WHAT YOU ARE ASKED TO DO: In the data below, find the line that contains "rewrite (eq_big (fun" and the line that contains "End BucketSizes.". Copy both, plus every line between them, exactly.

[Dataset entries]

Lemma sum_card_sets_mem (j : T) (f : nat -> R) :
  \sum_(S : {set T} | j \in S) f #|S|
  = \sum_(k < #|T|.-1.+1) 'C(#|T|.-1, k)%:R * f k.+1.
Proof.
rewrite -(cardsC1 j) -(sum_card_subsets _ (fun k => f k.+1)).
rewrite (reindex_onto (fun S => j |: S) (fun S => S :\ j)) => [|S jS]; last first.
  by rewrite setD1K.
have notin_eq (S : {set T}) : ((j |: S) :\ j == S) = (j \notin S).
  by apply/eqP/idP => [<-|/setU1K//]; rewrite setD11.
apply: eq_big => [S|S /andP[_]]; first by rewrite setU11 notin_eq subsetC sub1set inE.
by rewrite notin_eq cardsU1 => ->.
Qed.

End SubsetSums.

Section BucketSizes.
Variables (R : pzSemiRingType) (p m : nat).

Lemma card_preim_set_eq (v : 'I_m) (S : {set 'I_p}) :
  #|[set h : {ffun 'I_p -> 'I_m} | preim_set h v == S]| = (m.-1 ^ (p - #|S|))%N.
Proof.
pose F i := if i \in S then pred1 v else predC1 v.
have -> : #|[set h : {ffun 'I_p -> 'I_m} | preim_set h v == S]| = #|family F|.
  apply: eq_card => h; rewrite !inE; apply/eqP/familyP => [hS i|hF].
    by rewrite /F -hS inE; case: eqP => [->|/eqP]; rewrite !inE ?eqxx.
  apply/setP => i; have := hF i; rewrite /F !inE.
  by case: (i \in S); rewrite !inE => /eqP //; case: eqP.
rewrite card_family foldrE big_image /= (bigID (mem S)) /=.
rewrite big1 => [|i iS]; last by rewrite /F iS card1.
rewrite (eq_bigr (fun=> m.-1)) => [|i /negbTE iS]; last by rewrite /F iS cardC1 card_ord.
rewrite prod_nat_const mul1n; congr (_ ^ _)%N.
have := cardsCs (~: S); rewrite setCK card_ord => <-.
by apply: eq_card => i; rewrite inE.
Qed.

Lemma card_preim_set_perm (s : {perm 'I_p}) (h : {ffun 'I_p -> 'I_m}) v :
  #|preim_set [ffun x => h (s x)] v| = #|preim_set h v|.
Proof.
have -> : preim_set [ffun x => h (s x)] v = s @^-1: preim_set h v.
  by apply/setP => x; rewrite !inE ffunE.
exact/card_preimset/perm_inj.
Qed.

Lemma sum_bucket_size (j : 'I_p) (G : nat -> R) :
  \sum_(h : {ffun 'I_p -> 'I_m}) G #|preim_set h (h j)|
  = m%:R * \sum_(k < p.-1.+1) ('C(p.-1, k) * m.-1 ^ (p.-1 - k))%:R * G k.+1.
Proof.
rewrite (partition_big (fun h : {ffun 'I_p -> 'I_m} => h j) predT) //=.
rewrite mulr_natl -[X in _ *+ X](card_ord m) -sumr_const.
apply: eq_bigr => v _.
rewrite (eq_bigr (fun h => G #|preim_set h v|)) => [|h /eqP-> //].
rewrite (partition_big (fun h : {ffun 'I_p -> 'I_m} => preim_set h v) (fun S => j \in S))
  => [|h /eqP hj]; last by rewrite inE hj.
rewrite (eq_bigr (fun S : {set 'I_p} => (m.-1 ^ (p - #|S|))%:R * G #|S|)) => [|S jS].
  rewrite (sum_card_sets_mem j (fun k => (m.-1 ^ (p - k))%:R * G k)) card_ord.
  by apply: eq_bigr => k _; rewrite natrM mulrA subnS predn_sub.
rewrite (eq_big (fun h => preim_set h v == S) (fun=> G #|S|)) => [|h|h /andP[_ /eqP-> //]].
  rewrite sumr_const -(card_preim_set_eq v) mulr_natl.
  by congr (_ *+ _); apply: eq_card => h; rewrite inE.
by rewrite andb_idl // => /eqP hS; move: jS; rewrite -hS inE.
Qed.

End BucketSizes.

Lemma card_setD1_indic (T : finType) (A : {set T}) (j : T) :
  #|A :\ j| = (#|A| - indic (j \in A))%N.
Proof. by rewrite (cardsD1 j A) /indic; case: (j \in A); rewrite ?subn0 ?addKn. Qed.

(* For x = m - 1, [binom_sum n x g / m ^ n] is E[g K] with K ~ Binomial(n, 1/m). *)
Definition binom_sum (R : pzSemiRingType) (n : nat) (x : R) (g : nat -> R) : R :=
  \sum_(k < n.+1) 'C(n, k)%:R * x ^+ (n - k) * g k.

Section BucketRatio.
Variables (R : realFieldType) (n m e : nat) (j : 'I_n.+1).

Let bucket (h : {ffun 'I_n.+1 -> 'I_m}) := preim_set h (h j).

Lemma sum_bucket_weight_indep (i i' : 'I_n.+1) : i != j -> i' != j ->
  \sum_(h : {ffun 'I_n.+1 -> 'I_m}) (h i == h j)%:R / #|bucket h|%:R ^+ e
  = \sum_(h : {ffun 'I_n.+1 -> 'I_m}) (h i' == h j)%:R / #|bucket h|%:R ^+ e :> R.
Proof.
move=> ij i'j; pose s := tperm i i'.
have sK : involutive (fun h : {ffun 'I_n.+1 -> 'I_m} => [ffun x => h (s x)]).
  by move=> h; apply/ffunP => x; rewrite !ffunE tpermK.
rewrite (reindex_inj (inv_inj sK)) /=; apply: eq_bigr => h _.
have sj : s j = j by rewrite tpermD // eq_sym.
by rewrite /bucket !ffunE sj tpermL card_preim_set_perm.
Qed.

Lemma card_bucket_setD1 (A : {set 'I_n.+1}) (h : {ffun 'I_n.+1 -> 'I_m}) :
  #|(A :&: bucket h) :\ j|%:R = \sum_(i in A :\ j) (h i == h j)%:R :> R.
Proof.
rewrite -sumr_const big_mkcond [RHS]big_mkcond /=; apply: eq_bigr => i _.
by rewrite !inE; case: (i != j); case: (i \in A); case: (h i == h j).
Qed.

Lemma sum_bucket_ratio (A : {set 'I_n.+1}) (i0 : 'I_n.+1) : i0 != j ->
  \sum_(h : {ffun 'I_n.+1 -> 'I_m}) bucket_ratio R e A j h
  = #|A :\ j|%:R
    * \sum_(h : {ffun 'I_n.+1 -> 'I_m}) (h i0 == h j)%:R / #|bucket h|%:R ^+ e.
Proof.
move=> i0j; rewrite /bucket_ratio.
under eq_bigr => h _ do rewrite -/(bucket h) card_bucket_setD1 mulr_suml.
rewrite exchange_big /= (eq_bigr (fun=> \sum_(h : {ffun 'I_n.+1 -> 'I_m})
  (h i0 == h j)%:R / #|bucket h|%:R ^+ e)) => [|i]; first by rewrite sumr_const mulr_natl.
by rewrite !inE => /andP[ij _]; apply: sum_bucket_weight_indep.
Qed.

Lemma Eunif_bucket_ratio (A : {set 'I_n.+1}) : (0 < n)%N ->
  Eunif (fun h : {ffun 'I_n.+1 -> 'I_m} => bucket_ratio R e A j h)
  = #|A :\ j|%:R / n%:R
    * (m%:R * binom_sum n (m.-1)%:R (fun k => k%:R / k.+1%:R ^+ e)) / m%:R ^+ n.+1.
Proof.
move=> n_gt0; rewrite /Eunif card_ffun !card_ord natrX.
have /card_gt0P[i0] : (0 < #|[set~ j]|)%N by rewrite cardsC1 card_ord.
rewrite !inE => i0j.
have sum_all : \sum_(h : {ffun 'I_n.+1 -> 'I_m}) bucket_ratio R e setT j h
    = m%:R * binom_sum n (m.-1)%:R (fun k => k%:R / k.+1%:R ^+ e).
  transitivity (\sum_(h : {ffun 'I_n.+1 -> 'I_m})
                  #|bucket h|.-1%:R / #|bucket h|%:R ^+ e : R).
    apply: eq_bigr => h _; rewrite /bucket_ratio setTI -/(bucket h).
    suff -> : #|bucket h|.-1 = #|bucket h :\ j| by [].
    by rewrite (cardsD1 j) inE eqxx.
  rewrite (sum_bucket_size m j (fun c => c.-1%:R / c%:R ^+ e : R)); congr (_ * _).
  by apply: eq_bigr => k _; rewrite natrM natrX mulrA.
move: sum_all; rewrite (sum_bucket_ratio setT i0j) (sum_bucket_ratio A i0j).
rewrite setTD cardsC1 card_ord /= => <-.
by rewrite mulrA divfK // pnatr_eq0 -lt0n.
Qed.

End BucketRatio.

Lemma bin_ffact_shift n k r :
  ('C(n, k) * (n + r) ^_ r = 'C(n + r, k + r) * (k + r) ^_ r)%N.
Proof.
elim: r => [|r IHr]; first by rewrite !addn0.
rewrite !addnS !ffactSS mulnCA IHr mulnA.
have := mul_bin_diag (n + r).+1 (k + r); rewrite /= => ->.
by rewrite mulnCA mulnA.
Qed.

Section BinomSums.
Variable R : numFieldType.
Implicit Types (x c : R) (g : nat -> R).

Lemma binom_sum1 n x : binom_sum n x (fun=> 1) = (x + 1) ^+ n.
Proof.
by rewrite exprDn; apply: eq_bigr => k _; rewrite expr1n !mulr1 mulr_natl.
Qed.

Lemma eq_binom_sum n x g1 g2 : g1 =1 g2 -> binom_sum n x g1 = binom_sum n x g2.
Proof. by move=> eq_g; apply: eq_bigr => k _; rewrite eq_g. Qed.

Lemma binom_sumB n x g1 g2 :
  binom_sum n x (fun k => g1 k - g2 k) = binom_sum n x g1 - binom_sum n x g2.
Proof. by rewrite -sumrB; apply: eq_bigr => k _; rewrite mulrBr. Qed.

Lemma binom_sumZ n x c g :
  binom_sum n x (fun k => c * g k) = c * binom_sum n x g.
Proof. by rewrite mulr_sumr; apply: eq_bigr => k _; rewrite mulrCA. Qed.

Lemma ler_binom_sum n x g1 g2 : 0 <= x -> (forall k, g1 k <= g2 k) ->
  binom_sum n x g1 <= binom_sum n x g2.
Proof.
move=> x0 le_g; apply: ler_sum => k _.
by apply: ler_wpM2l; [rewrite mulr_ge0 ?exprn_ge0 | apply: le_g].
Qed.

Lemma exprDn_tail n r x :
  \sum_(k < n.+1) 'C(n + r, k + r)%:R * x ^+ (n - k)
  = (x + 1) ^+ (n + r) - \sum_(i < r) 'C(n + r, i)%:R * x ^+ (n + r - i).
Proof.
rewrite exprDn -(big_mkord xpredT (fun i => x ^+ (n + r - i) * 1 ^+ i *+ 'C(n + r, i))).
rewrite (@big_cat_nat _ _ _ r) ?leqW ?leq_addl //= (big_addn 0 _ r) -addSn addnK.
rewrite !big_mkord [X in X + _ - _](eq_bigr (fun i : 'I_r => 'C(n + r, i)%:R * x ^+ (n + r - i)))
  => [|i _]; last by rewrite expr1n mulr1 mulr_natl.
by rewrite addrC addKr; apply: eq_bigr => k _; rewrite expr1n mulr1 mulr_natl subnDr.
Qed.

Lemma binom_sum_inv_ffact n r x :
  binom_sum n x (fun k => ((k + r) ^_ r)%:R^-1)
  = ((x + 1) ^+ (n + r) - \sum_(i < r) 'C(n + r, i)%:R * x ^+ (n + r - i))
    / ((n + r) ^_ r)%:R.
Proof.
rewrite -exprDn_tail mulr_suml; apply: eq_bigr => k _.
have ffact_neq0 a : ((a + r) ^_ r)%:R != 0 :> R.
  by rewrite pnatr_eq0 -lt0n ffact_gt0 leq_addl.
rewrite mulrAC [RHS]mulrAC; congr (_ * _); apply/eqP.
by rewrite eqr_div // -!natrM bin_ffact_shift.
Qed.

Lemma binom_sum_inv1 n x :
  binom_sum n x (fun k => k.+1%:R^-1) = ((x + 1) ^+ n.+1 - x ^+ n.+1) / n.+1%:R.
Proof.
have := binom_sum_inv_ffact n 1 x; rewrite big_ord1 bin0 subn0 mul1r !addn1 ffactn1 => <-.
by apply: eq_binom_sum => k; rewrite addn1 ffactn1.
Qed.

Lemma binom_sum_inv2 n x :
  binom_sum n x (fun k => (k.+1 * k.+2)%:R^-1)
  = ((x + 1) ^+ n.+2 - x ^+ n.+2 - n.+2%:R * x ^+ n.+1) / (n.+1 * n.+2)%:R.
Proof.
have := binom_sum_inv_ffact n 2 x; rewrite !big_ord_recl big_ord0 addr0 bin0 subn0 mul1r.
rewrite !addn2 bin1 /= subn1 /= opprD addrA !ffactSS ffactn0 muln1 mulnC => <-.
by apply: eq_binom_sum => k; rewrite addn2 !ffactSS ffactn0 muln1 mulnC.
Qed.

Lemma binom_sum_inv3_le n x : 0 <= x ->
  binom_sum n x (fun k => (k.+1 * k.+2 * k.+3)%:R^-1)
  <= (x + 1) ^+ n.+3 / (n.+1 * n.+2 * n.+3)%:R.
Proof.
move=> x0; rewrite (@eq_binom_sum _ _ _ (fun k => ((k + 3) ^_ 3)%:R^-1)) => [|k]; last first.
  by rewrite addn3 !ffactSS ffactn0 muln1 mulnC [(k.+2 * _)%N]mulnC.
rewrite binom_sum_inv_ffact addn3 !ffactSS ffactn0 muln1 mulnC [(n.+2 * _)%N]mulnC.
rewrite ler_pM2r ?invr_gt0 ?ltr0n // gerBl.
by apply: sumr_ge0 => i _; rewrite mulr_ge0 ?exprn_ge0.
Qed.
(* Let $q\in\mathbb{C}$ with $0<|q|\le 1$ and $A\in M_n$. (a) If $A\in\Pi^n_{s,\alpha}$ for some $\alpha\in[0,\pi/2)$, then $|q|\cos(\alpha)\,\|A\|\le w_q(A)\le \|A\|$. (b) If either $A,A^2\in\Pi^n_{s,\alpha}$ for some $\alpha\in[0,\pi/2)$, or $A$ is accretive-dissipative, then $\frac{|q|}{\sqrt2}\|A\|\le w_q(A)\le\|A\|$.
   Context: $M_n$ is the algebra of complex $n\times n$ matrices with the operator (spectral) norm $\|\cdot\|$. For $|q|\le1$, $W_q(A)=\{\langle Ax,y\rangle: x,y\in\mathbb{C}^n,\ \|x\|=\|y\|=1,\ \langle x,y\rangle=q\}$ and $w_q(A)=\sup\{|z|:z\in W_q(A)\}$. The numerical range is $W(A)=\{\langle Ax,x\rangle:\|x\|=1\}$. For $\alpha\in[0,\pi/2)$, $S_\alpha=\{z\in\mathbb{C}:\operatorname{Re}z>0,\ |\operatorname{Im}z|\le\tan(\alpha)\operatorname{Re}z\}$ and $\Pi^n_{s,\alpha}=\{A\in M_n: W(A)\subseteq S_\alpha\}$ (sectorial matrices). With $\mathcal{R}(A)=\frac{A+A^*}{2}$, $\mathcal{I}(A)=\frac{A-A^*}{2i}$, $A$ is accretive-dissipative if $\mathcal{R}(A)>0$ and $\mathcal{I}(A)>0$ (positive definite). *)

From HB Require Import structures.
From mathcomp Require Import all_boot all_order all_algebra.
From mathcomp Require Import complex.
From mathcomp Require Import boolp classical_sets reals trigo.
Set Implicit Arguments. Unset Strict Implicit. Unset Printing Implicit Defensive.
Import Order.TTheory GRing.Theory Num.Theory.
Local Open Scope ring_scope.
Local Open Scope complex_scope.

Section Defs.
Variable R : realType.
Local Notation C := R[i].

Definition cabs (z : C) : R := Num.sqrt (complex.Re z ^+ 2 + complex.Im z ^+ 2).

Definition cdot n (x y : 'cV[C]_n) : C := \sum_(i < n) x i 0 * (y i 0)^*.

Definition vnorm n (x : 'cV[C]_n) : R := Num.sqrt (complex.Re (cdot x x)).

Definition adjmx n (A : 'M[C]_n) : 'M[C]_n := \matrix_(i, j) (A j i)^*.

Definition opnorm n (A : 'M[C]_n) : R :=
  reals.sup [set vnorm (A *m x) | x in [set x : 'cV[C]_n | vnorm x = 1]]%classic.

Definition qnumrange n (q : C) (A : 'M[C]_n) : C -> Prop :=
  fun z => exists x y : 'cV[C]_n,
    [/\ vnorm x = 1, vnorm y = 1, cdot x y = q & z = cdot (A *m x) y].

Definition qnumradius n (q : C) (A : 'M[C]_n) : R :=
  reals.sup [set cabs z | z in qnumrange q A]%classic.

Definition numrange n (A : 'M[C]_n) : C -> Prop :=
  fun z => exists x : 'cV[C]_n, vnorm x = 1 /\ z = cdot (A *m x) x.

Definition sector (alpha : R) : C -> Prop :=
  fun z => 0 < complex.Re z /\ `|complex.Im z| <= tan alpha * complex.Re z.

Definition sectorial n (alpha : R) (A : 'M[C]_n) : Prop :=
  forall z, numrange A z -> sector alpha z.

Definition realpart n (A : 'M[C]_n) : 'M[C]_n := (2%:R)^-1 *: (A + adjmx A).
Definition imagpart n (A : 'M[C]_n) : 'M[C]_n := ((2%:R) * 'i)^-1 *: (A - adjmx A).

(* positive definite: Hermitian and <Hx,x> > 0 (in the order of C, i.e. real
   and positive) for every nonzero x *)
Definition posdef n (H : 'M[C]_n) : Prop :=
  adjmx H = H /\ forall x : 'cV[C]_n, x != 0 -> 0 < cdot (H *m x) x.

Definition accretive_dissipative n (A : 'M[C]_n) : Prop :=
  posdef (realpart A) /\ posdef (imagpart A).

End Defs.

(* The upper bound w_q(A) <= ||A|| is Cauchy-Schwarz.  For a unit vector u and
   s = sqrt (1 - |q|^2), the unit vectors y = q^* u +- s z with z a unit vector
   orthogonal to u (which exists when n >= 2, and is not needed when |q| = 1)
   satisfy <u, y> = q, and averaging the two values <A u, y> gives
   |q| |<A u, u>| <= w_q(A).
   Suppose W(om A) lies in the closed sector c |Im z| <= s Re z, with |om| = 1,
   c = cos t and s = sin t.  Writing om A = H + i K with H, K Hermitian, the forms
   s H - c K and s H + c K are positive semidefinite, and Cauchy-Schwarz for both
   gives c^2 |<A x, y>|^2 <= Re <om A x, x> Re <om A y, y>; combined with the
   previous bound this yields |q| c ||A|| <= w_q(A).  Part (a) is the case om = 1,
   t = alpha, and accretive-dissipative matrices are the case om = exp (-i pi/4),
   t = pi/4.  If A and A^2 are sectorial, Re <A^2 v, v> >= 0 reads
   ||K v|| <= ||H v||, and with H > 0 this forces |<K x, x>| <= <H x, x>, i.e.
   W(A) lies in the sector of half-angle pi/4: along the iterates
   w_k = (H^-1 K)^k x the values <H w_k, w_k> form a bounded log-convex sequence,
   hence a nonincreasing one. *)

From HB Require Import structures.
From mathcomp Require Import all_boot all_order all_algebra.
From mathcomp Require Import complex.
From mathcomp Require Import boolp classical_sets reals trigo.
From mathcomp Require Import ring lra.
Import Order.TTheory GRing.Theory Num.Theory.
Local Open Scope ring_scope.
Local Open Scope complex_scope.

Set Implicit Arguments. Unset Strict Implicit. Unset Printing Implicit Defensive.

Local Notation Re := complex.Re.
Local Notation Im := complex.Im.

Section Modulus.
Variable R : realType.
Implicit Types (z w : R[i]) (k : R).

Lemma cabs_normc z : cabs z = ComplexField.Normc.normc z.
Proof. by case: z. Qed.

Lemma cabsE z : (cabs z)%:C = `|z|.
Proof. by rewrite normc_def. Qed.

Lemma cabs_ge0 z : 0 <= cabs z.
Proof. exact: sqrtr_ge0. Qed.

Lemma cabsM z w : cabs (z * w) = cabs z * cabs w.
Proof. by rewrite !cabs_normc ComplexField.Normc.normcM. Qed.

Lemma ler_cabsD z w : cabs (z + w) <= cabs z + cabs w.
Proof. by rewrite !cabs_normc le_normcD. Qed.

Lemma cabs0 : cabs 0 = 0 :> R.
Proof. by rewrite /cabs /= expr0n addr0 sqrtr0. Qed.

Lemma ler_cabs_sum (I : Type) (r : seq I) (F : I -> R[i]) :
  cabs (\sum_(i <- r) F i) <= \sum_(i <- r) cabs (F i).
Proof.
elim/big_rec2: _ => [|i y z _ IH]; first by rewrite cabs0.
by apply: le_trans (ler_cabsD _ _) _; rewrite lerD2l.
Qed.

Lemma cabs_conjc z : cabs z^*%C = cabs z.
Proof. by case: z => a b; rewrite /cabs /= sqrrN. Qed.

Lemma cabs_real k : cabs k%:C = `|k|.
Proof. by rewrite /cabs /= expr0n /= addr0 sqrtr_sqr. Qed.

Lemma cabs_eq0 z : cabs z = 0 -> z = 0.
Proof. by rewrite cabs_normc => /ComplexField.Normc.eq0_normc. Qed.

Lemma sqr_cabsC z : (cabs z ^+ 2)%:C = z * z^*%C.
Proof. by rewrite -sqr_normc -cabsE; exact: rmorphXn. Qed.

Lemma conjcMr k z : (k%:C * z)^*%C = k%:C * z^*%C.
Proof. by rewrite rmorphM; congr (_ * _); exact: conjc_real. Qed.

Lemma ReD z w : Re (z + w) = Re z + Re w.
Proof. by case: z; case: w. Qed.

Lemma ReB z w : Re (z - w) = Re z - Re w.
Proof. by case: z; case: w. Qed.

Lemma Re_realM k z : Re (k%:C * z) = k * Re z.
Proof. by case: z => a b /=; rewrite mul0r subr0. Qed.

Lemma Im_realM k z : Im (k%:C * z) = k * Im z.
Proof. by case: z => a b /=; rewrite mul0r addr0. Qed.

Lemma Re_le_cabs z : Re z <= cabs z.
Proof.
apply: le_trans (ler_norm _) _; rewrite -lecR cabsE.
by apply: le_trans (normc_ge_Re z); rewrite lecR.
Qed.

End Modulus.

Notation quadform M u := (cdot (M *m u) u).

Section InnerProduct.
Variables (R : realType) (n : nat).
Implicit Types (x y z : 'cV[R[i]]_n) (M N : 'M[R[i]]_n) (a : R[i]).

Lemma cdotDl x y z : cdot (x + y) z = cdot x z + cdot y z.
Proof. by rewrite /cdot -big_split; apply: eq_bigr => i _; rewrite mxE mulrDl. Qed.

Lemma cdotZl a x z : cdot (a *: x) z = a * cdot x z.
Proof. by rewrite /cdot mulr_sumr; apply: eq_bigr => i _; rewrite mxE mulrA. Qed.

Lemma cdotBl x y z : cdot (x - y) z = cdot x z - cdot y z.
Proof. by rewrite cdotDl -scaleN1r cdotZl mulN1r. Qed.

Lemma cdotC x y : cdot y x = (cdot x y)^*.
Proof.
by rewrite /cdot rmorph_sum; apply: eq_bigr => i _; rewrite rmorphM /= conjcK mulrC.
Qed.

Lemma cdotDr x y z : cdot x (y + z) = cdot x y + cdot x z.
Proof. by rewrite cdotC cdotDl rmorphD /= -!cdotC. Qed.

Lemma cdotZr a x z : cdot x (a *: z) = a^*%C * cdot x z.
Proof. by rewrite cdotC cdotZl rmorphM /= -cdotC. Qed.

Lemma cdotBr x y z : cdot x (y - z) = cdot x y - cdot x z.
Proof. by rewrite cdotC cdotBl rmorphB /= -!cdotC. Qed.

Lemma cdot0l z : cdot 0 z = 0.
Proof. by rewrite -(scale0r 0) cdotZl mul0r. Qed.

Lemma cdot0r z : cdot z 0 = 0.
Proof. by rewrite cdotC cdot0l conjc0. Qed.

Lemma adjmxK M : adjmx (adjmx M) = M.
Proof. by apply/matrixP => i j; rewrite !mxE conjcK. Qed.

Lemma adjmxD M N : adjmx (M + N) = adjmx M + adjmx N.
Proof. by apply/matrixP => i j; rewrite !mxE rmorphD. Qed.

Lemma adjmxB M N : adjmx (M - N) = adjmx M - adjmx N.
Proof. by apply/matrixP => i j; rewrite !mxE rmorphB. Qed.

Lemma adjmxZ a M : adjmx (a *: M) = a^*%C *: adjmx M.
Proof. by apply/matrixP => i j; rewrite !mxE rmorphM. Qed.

RESPONSE TO THIS TASK:
rewrite (eq_big (fun h => preim_set h v == S) (fun=> G #|S|)) => [|h|h /andP[_ /eqP-> //]].
  rewrite sumr_const -(card_preim_set_eq v) mulr_natl.
  by congr (_ *+ _); apply: eq_card => h; rewrite inE.
by rewrite andb_idl // => /eqP hS; move: jS; rewrite -hS inE.
Qed.

End BucketSizes.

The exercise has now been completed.